(Stored items)

Start of Block

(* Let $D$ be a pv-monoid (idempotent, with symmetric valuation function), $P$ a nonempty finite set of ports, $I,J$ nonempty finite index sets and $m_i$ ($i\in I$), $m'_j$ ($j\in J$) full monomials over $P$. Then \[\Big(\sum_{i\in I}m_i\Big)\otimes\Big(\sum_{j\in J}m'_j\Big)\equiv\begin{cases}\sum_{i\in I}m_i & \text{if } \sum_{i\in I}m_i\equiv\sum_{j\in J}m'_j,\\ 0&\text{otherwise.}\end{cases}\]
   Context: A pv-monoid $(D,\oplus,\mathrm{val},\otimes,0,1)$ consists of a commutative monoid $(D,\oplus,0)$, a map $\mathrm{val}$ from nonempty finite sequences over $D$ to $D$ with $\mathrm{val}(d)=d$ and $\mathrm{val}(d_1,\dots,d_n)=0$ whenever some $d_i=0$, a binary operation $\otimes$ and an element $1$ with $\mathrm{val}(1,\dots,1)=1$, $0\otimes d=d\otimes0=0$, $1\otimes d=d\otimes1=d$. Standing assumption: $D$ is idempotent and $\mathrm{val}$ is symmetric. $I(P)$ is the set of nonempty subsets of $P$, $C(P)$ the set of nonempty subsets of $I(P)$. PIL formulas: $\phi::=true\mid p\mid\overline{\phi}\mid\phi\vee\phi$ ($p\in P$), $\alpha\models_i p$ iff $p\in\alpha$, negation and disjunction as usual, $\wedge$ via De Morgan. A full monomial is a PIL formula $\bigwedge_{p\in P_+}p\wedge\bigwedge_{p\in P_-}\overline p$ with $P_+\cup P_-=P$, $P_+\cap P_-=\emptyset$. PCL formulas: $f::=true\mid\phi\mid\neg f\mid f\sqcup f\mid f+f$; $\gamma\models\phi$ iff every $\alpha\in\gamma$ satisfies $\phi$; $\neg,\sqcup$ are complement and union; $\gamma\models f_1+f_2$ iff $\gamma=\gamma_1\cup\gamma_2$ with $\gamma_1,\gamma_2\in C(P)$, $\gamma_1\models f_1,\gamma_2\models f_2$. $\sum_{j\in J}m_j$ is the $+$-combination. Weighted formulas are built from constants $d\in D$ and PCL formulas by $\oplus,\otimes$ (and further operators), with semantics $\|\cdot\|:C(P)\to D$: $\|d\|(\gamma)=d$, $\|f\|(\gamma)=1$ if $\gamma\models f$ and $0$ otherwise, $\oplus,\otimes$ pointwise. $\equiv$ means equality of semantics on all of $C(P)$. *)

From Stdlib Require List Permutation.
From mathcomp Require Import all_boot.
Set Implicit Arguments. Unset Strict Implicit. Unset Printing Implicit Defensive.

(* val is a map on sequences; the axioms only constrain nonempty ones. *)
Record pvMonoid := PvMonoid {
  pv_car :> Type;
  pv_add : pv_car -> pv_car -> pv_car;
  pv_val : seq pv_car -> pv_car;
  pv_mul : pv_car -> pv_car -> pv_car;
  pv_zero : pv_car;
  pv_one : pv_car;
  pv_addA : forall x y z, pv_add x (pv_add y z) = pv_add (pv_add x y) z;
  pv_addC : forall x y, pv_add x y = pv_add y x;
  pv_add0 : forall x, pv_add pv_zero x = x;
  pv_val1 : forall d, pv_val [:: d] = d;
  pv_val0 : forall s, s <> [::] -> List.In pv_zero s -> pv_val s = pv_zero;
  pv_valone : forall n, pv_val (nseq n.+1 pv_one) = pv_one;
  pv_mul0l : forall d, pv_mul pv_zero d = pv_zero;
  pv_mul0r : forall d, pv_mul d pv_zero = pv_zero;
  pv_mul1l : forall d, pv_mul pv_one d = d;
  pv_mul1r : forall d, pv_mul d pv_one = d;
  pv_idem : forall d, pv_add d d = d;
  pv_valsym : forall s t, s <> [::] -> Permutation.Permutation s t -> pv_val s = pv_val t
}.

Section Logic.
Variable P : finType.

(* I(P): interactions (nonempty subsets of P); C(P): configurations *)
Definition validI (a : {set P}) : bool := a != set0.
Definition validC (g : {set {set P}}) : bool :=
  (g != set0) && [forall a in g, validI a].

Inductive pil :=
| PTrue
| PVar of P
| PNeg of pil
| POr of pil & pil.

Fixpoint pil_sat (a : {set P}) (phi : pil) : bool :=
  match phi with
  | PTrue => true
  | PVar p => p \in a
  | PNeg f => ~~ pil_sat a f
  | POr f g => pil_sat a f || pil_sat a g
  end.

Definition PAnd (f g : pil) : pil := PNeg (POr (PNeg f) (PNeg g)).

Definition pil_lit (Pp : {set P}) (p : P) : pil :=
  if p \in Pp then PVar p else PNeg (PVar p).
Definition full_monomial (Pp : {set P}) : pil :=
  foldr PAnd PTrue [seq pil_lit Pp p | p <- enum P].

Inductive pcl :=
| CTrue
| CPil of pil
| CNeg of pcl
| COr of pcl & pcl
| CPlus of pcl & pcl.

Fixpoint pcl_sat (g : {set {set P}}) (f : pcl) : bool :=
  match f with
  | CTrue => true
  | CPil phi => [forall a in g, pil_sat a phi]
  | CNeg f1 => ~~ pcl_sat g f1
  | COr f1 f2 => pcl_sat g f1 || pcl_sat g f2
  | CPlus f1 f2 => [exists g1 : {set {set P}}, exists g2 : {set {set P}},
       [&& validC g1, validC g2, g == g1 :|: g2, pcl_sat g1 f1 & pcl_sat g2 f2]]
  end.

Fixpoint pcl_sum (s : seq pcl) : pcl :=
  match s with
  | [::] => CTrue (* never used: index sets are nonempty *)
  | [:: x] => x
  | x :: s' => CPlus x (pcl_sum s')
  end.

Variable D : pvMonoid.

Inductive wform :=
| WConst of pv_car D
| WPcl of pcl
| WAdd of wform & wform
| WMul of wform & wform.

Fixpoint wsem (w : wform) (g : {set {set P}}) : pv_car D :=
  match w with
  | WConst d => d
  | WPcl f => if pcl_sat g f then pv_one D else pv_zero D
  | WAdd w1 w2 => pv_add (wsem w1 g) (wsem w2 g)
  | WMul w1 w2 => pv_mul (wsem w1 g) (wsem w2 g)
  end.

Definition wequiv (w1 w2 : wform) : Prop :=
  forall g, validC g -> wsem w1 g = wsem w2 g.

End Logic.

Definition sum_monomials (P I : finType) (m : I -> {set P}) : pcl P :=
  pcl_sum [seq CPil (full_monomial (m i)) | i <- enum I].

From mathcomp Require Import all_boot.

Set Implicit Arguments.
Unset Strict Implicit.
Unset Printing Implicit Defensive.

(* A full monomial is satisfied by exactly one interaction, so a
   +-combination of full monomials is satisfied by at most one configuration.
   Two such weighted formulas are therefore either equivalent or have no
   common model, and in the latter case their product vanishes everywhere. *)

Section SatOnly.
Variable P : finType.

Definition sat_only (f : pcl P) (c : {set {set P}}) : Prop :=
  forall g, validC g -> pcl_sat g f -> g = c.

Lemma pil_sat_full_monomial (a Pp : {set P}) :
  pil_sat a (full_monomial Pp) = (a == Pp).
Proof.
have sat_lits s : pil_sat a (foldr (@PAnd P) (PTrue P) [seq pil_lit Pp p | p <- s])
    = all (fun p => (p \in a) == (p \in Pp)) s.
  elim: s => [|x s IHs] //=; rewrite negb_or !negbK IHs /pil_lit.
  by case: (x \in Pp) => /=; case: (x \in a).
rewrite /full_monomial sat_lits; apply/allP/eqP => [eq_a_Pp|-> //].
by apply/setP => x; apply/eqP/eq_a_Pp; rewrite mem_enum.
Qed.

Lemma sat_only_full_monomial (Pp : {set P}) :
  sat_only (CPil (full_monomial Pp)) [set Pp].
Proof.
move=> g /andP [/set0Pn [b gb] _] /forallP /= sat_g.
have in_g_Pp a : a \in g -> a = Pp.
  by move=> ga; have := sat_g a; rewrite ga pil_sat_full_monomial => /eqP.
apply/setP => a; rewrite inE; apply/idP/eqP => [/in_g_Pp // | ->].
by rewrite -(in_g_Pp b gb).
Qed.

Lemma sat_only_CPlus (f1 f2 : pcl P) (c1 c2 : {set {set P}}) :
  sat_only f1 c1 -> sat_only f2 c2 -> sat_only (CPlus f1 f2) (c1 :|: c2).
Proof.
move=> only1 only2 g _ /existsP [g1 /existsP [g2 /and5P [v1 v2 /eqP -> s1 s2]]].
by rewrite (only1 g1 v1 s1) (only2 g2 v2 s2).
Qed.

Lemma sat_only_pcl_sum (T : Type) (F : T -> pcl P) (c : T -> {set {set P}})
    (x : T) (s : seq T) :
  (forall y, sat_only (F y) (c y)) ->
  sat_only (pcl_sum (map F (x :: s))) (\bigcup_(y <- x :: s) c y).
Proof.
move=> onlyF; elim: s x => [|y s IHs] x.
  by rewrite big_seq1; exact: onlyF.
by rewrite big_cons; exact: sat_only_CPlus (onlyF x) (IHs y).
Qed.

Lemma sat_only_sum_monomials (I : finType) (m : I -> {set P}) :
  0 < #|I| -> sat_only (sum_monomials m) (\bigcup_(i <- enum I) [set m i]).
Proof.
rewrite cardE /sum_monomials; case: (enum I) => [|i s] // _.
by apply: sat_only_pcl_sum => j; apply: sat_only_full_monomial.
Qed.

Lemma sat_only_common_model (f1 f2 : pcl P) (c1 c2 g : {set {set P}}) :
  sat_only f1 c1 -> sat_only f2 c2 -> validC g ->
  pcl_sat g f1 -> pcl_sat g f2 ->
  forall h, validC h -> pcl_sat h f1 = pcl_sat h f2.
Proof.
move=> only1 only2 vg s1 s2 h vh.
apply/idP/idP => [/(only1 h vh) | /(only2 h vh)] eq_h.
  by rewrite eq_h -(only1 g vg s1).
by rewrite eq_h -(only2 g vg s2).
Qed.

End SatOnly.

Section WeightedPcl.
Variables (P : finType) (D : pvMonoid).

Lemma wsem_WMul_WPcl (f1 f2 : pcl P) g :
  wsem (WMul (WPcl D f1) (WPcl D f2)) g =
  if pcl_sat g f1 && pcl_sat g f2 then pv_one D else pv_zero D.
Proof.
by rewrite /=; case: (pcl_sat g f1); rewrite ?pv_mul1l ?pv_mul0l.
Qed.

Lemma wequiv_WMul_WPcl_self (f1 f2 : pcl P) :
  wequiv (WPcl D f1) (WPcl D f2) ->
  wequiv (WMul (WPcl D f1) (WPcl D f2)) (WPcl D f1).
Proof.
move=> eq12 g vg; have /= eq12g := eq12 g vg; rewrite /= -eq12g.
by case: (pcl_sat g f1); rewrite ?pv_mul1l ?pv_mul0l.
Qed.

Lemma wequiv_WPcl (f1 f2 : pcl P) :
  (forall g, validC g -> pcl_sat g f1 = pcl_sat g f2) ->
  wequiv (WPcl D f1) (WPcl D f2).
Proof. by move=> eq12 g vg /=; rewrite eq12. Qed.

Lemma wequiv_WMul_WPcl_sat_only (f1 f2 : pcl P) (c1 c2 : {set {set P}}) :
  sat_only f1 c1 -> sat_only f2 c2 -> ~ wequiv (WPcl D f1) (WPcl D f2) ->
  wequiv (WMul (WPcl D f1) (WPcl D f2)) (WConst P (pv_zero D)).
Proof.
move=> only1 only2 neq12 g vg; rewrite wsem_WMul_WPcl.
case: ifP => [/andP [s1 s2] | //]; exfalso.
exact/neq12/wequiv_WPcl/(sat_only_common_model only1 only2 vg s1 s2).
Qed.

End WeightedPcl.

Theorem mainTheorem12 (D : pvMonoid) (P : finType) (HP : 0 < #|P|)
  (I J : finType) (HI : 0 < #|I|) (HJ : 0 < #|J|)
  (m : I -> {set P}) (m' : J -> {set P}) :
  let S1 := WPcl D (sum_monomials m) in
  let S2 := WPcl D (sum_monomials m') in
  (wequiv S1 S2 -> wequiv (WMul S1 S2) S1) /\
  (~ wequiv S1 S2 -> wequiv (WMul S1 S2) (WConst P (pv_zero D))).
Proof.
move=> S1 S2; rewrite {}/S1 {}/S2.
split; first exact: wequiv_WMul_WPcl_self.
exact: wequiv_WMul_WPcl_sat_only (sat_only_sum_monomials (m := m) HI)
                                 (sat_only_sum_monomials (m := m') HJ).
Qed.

End of Block

_PROBLEM_
Scan the lines above for "Lemma wsem_WMul_WPcl (f1" and for "Lemma wequiv_WMul_WPcl_sat_only (f1". Repeat exactly the line holding each of them and every line in between.

_EXERCISE RESPONSE_
Lemma wsem_WMul_WPcl (f1 f2 : pcl P) g :
  wsem (WMul (WPcl D f1) (WPcl D f2)) g =
  if pcl_sat g f1 && pcl_sat g f2 then pv_one D else pv_zero D.
Proof.
by rewrite /=; case: (pcl_sat g f1); rewrite ?pv_mul1l ?pv_mul0l.
Qed.

Lemma wequiv_WMul_WPcl_self (f1 f2 : pcl P) :
  wequiv (WPcl D f1) (WPcl D f2) ->
  wequiv (WMul (WPcl D f1) (WPcl D f2)) (WPcl D f1).
Proof.
move=> eq12 g vg; have /= eq12g := eq12 g vg; rewrite /= -eq12g.
by case: (pcl_sat g f1); rewrite ?pv_mul1l ?pv_mul0l.
Qed.

Lemma wequiv_WPcl (f1 f2 : pcl P) :
  (forall g, validC g -> pcl_sat g f1 = pcl_sat g f2) ->
  wequiv (WPcl D f1) (WPcl D f2).
Proof. by move=> eq12 g vg /=; rewrite eq12. Qed.

Lemma wequiv_WMul_WPcl_sat_only (f1 f2 : pcl P) (c1 c2 : {set {set P}}) :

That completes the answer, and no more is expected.